I only have a 21 mo, so my frame of reference is different, but I'm really working on never saying anyhting 3 or more times.

I make a request, and if DD doesn't start to do whatever it is I want, I then make a second request while guiding her/helping her/working with her to do whatever it was.

For example, she's done with her blocks. i can't just leave them all over the floor, they hurt when stepped on and she falls a lot when they are scattered around and she's not focused on them. I'll say "DD, clean up the blocks please! Clean up time!" If she doesn't start to clean them up within a reasonable amount of time, I get down on the floor with her while saying "Clean up time!" and start putting them away.

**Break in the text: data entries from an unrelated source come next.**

(* Let $M=G/\Gamma$ be a 2-step nilmanifold with invariant abelian complex structure and $\mathfrak g^{1,0}=\mathfrak t^{1,0}\oplus\mathfrak c^{1,0}$, and assume $\dim_{\mathbb C}\mathfrak c^{1,0}=1$. Let $\Lambda=\Lambda_1+\Lambda_2$ be an invariant holomorphic Poisson bivector with $\Lambda_1\in\mathfrak t^{1,0}\otimes\mathfrak c^{1,0}$ and $\Lambda_2\in\wedge^2\mathfrak t^{1,0}$, and let $\bar\rho$ span $\mathfrak c^{*(0,1)}$. Then the spectral sequence of the Poisson bi-complex of $\Lambda$ degenerates on the first page if and only if (1) $\mathrm{ad}_{\Lambda_1}\bar\rho$ is $\bar\partial$-exact, and (2) $\Lambda_2$ lies in the center of the Schouten algebra $\oplus_{p,q}B^{p,q}$.
   Context: $G$ is a simply connected nilpotent Lie group with Lie algebra $\mathfrak g$, $\Gamma$ a lattice, 2-step: $[\mathfrak g,\mathfrak g]\subseteq\mathfrak c$ (center). $J$ is a left-invariant abelian complex structure ($J^2=-1$, $[JA,JB]=[A,B]$), so $\mathfrak g^{1,0}$ is abelian. $\mathfrak g^{1,0}=\mathfrak t^{1,0}\oplus\mathfrak c^{1,0}$ with $\mathfrak c^{1,0}$ the $(1,0)$-part of the center, basis $W_\ell$, and $\mathfrak t^{1,0}$ with basis $T_k$, such that the only nonzero brackets are $[\bar T_k,T_j]=\sum_\ell E^\ell_{kj}W_\ell-\sum_\ell\bar E^\ell_{jk}\bar W_\ell$; dual basis $\omega^k,\rho^\ell$ with $d\omega^k=0$, $d\rho^\ell=\sum E^\ell_{ji}\omega^i\wedge\bar\omega^j$; $\mathfrak t^{*(0,1)}=\mathrm{span}\{\bar\omega^k\}$, $\mathfrak c^{*(0,1)}=\mathrm{span}\{\bar\rho^\ell\}$. $B^{p,q}=\wedge^p\mathfrak g^{1,0}\otimes\wedge^q\mathfrak g^{*(0,1)}$, viewed as invariant elements of $A^{p,q}=C^\infty(M,\wedge^pT^{1,0}M\otimes\wedge^qT^{*(0,1)}M)$, preserved by $\bar\partial$ (Dolbeault operator with values in $(p,0)$-vectors) and the Schouten bracket (graded extension of the Lie bracket of $(1,0)$-vector fields, $[V,\bar\omega]=\mathcal L_V\bar\omega$, $[\bar\omega_1,\bar\omega_2]=0$). A holomorphic Poisson structure is a holomorphic bivector $\Lambda$ with $[\Lambda,\Lambda]=0$; its Poisson bi-complex is $(A^{p,q},\mathrm{ad}_\Lambda,\bar\partial)$, $\mathrm{ad}_\Lambda=[\Lambda,\cdot]:A^{p,q}\to A^{p+1,q}$; the filtration by $p$ gives a spectral sequence with $E_1^{p,q}=H^q(M,\Theta^p)$ ($\Theta^p$ the sheaf of holomorphic $p$-vector fields) and $d_1$ induced by $\mathrm{ad}_\Lambda$. ''Degenerates on the first page'' means $d_1^{p,q}=0$ for all $p,q$. By a known result the inclusion $B^{p,q}\subset A^{p,q}$ induces isomorphisms $H^q(\mathfrak g^{p,0})\cong H^q(M,\Theta^p)$, where $H^q(\mathfrak g^{p,0})$ is the $\bar\partial$-cohomology of $B^{p,\bullet}$. *)

(* Algebraic (invariant) model of the Poisson bi-complex of a
   2-step nilmanifold with abelian complex structure and dim_C c^{1,0} = 1. *)
From HB Require Import structures.
From mathcomp Require Import all_boot all_order all_algebra.
Set Implicit Arguments. Unset Strict Implicit. Unset Printing Implicit Defensive.
Import Order.TTheory GRing.Theory Num.Theory.
Local Open Scope ring_scope.

(* Exterior (super-commutative) algebra on odd generators indexed by a  *)
(* finite type I; an element is a function from sets of generators      *)
(* (monomials, ordered increasingly along enum_rank) to coefficients.   *)
Notation ext C I := {ffun {set I} -> C}.
Notation B C n := {ffun {set ('I_n.+1 * bool)%type} -> C}.

Section Exterior.
Variables (C : fieldType) (I : finType).

Definition mono (S : {set I}) : ext C I := [ffun T => (T == S)%:R].

(* sign of e_S /\ e_T -> e_(S u T) *)
Definition wsign (S T : {set I}) : C :=
  (-1) ^+ #|[set p : I * I | (p.1 \in S) && (p.2 \in T)
                              && (enum_rank p.2 < enum_rank p.1)%N]|.

Definition wedge (P Q : ext C I) : ext C I :=
  [ffun U : {set I} => \sum_(S : {set I}) \sum_(T : {set I})
     (if [disjoint S & T] && (S :|: T == U) then P S * Q T * wsign S T else 0)].

(* left super-derivative with respect to the generator a:
   d_a e_S = (-1)^#{s in S | s < a} e_(S \ a) if a in S, 0 otherwise *)
Definition sderiv (a : I) (P : ext C I) : ext C I :=
  [ffun U : {set I} => if a \in U then 0
             else (-1) ^+ #|[set s in U | (enum_rank s < enum_rank a)%N]| * P (a |: U)].

Definition scal (c : C) (P : ext C I) : ext C I := [ffun U : {set I} => c * P U].

Definition gen (a : I) : ext C I := mono [set a].

(* Schouten bracket on the exterior algebra of a Lie algebra L with basis
   indexed by I and bracket of basis elements [x_a, x_b] = br a b :
   [x1..xk, y1..yl] = sum_(i,j) (-1)^(i+j) [xi,yj] /\ x1..^xi..xk /\ y1..^yj..yl *)
Definition schouten (br : I -> I -> ext C I) (P Q : ext C I) : ext C I :=
  \sum_(a : I) \sum_(b : I) wedge (wedge (br a b) (sderiv a P)) (sderiv b Q).

(* the unique derivation (of total degree +1) extending D on generators
   (D takes values of even degree 2) *)
Definition derivation (D : I -> ext C I) (P : ext C I) : ext C I :=
  \sum_(a : I) wedge (D a) (sderiv a P).

End Exterior.
Arguments gen {C I} a.
Arguments mono {C I} S.

(* The concrete model: generators of L = g^{1,0} (+) g^{*(0,1)}.        *)
(* A generator (k, false) with k : 'I_n.+1 is the vector T_k (k < n) or *)
(* W (k = n); (k, true) is the form  bar omega^k (k < n) or bar rho.    *)
Definition gidx (n : nat) := ('I_n.+1 * bool)%type.

Section Model.
Variables (C : numClosedFieldType) (n : nat).
(* E k j = E^1_{kj}: [bar T_k, T_j] = E k j W - conj(E j k) bar W *)
Variable E : 'M[C]_n.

She always helps, or takes over the task at hand.

I've found that if I have to say anything three times, I get frustrated and anxious, so I've been purposely taking steps to avoid that.

So, in that situation, I would have said "Your animal's outside on the porch, can you go get it before it gets ruined?" If he didn't go get it before he started on his next activity, I'd go to him, touch his shoulder, and say "remember your animal is outside. let's go get him," and we'd both go out.


----------



## GoBecGo (May 14, 2008)

I'd have explained very clearly and in a way that i was SURE she understood that unless she went and got it the toy could get ruined and then i'd have left the ball in her court. I don't know how long it was between you getting it and him remembering but unless it was a few days it's unlikely the toy would have been ruined. I do not re-buy anything that's lost or ruined unless i myself lost or ruined it.

In general DD is pretty good at picking up her toys. Sometimes i ask her to help me, sometimes she asks me to help her (depending on who noticed bedtime is imminent first). We always share the picking up but we almost always shared the playing too.

To me the reality is that if you leave your stuff lying about it will get ruined, so if she does and it does, well, i guess she learned something. If i let her take a precious toy out of the house i assist her in not losing it (if she's in the meitai i fasten the toy to the shoulder strap with a ribbon because if she falls asleep she cannot be expected to hang on to it, if she's out for a little walk and takes a toy i remind her to hang onto it and pick it up if she drops it) but she's 27 months. I won't still be doing that in 4 years.


----------



## cyndimo (Jul 20, 2005)

I was going to suggest what Ruthla said!
(In our life, it's a little pared down as DS is only nearly 3, but the idea is the same.)


----------